L'UMP a ainsi déposé pas moins de 600 amendements sur le texte, sur un total de 700. Dans un entretien au Parisien, Laurence Rossignol, la secrétaire d'Etat chargée de la Famille, a jugé ce nombre d'amendements "totalement disproportionné", au regard d'un texte de 20 articles.
La crainte exprimée par l'opposition est que l'instauration de la double domiciliation prévue par le texte - et qui devrait remplacer la notion de droit de visite et d'hébergement - débouche rapidement sur une résidence alternée systématique et paritaire (l'enfant passant successivement de l'un à l'autre parent pour des périodes identiques).
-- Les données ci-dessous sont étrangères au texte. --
Fixpoint iterD (vs : seq 'rV[R]_m) (f : 'rV[R]_m -> V) : 'rV[R]_m -> V :=
  match vs with
  | [::] => f
  | v :: vs' => 'D_v (iterD vs' f)
  end.

Definition smooth_on (U : set 'rV[R]_m) (f : 'rV[R]_m -> V) : Prop :=
  open U /\ forall (vs : seq 'rV[R]_m) (x : 'rV[R]_m), U x -> differentiable (iterD vs f) x.
End Euclid.

Record smooth_atlas (R : realType) (m : nat) (M : topologicalType) := SmoothAtlas {
  cidx : Type;
  cdom : cidx -> set M;
  cfwd : cidx -> M -> 'rV[R]_m;
  cbwd : cidx -> 'rV[R]_m -> M;
  cdom_open : forall i, open (cdom i);
  ccover : forall p : M, exists i, cdom i p;
  cimg_open : forall i, open (cfwd i @` cdom i);
  cbwd_fwd : forall i p, cdom i p -> cbwd i (cfwd i p) = p;
  cfwd_cont : forall i, {within cdom i, continuous (cfwd i)};
  cbwd_cont : forall i, {within cfwd i @` cdom i, continuous (cbwd i)};
  ctrans : forall i j,
    smooth_on (cfwd i @` (cdom i `&` cdom j)) (cfwd j \o cbwd i)
}.

Section OnManifold.
Context {R : realType} {m : nat} {M : topologicalType} (A : smooth_atlas R m M).

Definition smooth (f : M -> R) : Prop :=
  forall i, smooth_on (@cfwd _ _ _ A i @` @cdom _ _ _ A i) (f \o @cbwd _ _ _ A i).

(* vector fields: derivations of C^oo(M), normalized to vanish on
   non-smooth functions (so that each derivation has a unique representative) *)
Definition vfield := (M -> R) -> (M -> R).

Definition is_vf (X : vfield) : Prop :=
  [/\ forall g, ~ smooth g -> X g = (fun _ => 0),
      forall g, smooth g -> smooth (X g),
      forall (a : R) g h, smooth g -> smooth h ->
        X (fun x => a * g x + h x) = (fun x => a * X g x + X h x)
    & forall g h, smooth g -> smooth h ->
        X (fun x => g x * h x) = (fun x => g x * X h x + h x * X g x)].

Definition vzero : vfield := fun _ _ => 0.
Definition vadd (X Y : vfield) : vfield := fun g x => X g x + Y g x.
Definition vopp (X : vfield) : vfield := fun g x => - X g x.
Definition rscale (c : R) (X : vfield) : vfield := fun g x => c * X g x.
Definition vscale (f : M -> R) (X : vfield) : vfield := fun g x => f x * X g x.
Definition vbr (X Y : vfield) : vfield := fun g x => X (Y g) x - Y (X g) x.

Definition is_tensor11 (phi : vfield -> vfield) : Prop :=
  (forall X, is_vf X -> is_vf (phi X)) /\
  (forall f X Y, smooth f -> is_vf X -> is_vf Y ->
     phi (vadd (vscale f X) Y) = vadd (vscale f (phi X)) (phi Y)).

Definition is_1form (eta : vfield -> (M -> R)) : Prop :=
  (forall X, is_vf X -> smooth (eta X)) /\
  (forall f X Y, smooth f -> is_vf X -> is_vf Y ->
     eta (vadd (vscale f X) Y) = (fun x => f x * eta X x + eta Y x)).

Definition almost_contact (phi : vfield -> vfield) (xi : vfield)
    (eta : vfield -> (M -> R)) : Prop :=
  [/\ is_tensor11 phi, is_vf xi, is_1form eta,
      forall X, is_vf X -> phi (phi X) = vadd (vopp X) (vscale (eta X) xi)
    & eta xi = (fun _ => 1)].

Definition nijenhuis (phi : vfield -> vfield) (X Y : vfield) : vfield :=
  vadd (vadd (phi (phi (vbr X Y))) (vbr (phi X) (phi Y)))
       (vadd (vopp (phi (vbr (phi X) Y))) (vopp (phi (vbr X (phi Y))))).

Definition deta (eta : vfield -> (M -> R)) (X Y : vfield) : M -> R :=
  fun x => 2^-1 * (X (eta Y) x - Y (eta X) x - eta (vbr X Y) x).

Definition normal_ac (phi : vfield -> vfield) (xi : vfield)
    (eta : vfield -> (M -> R)) : Prop :=
  forall X Y, is_vf X -> is_vf Y ->
    vadd (nijenhuis phi X Y) (vscale (fun x => 2 * deta eta X Y x) xi) = vzero.

Definition lie_phi (phi : vfield -> vfield) (X Y : vfield) : vfield :=
  vadd (vbr X (phi Y)) (vopp (phi (vbr X Y))).

Definition contact_hol (phi : vfield -> vfield) (xi : vfield)
    (eta : vfield -> (M -> R)) (X : vfield) : Prop :=
  is_vf X /\
  forall Y, is_vf Y -> lie_phi phi X Y = vscale (eta (vbr X (phi Y))) xi.

Definition lie_subalgebra (S : vfield -> Prop) : Prop :=
  [/\ forall X, S X -> is_vf X,
      S vzero,
      forall X Y, S X -> S Y -> S (vadd X Y),
      forall (c : R) X, S X -> S (rscale c X)
    & forall X Y, S X -> S Y -> S (vbr X Y)].
End OnManifold.

(* Write (L_X phi) Y := [X, phi Y] - phi [X, Y]. Since eta vanishes on the
   image of phi and eta xi = 1, a vector field X is contact-holomorphic iff
   (L_X phi) Y is a smooth multiple of xi for every Y. Such multiples are stable
   under sums and under [X, -] as soon as [X, xi] is itself a multiple of xi,
   which holds for holomorphic X because phi [X, xi] = - (L_X phi) xi.
   Closure under brackets then follows from L_[X,Z] phi = [L_X, L_Z] phi, i.e.
   from the Jacobi identity. *)

From Pilot Require Import Defs.
From HB Require Import structures.
From mathcomp Require Import all_boot all_order all_algebra.
From mathcomp Require Import all_classical all_reals all_analysis.
From mathcomp Require Import ring lra.

Set Implicit Arguments. Unset Strict Implicit. Unset Printing Implicit Defensive.
Import Order.TTheory GRing.Theory Num.Theory.
Import numFieldNormedType.Exports.
Local Open Scope classical_set_scope.
Local Open Scope ring_scope.

Local Notation iterD := Defs.iterD.

Lemma near_eq_differentiable (R : numFieldType) (V W : normedModType R)
    (f g : V -> W) (x : V) :
  (\forall y \near x, f y = g y) -> differentiable f x -> differentiable g x.
Proof.
move=> fg df.
have E : g \o shift x = cst (g x) + 'd f x +o_ 0 id.
  have /eqaddoP dfx := diff_locally df.
  apply/eqaddoP => eps eps0; have := dfx eps eps0.
  have fg0 : \forall h \near (0 : V), f (h + x) = g (h + x).
    rewrite (near_shift x) /=; near=> y; by rewrite /= sub0r subrK; near: y.
  have fgx : f x = g x := nbhs_singleton fg.
  by apply: filterS2 fg0 => h fgh; rewrite !fctE /= fgx fgh.
apply/diff_locallyP.
by rewrite (diff_unique (diff_continuous df) E); split => //; exact: diff_continuous.
Unshelve. all: by end_near.
Qed.

Lemma iterD_rcons (R : realType) (m : nat) (V : normedModType R)
    (vs : seq 'rV[R]_m) v (f : 'rV[R]_m -> V) :
  iterD (rcons vs v) f = iterD vs ('D_v f).
Proof. by elim: vs => //= w vs ->. Qed.

Section DifferentiableUpto.
Context {R : realType} {m : nat} {V : normedModType R}.
Local Notation E := 'rV[R]_m.
Variable U : set E.
Hypothesis oU : open U.

Let near_U x : U x -> \forall y \near x, U y.
Proof. by move=> Ux; exact: (open_nbhs_nbhs (conj oU Ux)). Qed.

Lemma iterD_eq_on vs (f g : E -> V) : (forall x, U x -> f x = g x) ->
  forall x, U x -> iterD vs f x = iterD vs g x.
Proof.
move=> fg; elim: vs => [|v vs IH] x Ux //=; first exact: fg.
by apply: near_eq_derive; apply: filterS (near_U Ux); exact: IH.
Qed.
Une telle perspective est également critiquée par la plupart des pédopsychiatres, qui y voient un facteur de perturbation supplémentaire pour l'enfant.
Oui à "une évolution du texte pour le clarifier"
Lors de la discussion générale, Laurence Rossignol s'est donc voulue à la fois très claire et rassurante. Elle a ainsi affirmé "qu'il ne s'agit en aucun cas d'imposer la résidence alternée paritaire par défaut. Ce serait une facilité intellectuelle et un raccourci que de faire croire que l'on réalisera l'égalité entre les femmes et les hommes en imposant une égalité du temps d'accueil des enfants". Elle s'est dite ouverte à des clarifications sur ce point : "S'il faut une évolution du texte pour le clarifier, le débat se poursuivra au cours des navettes parlementaires".
Ces arguments n'ont toutefois pas dissuadé l'UMP - qui ne votera pas le texte - de déposer une motion de renvoi en commission (écartée par les députés) et l'UDI de s'orienter vers une "abstention négative".
Des nouvelles de la proposition de loi sur la protection de l'enfance et l'adoption
Un amendement du groupe EELV (Ecologistes) proposant une interdiction de la fessée - finalement retiré en contrepartie de l'engagement de le rattacher à un texte plus approprié - a permis d'en apprendre un peu plus sur la seconde proposition de loi qui devrait être issue du défunt projet de loi Famille. Marie-Anne Chapdelaine, la rapporteure (PS) du texte en discussion, a en effet confirmé qu'une proposition de loi devrait être déposée prochainement au Sénat sur la protection de l'enfance et l'adoption, deux domaines qui concernent au plus haut point les départements. Le dépôt éventuel d'une telle proposition de loi est toutefois suspendu aux conclusions, d'ici à l'été, d'une mission d'information sénatoriale sur la protection de l'enfance.
Après l'examen de la proposition de loi à l'Assemblée nationale du 19 au 21 mai, le vote sur le texte devrait intervenir le 28 mai.
Jean-Noël Escudié / PCA
Référence : proposition de loi relative à l'autorité parentale et à l'intérêt de l'enfant (examiné en première lecture à l'Assemblée nationale du 19 au 21 mai, scrutin prévu le 28 mai 2014).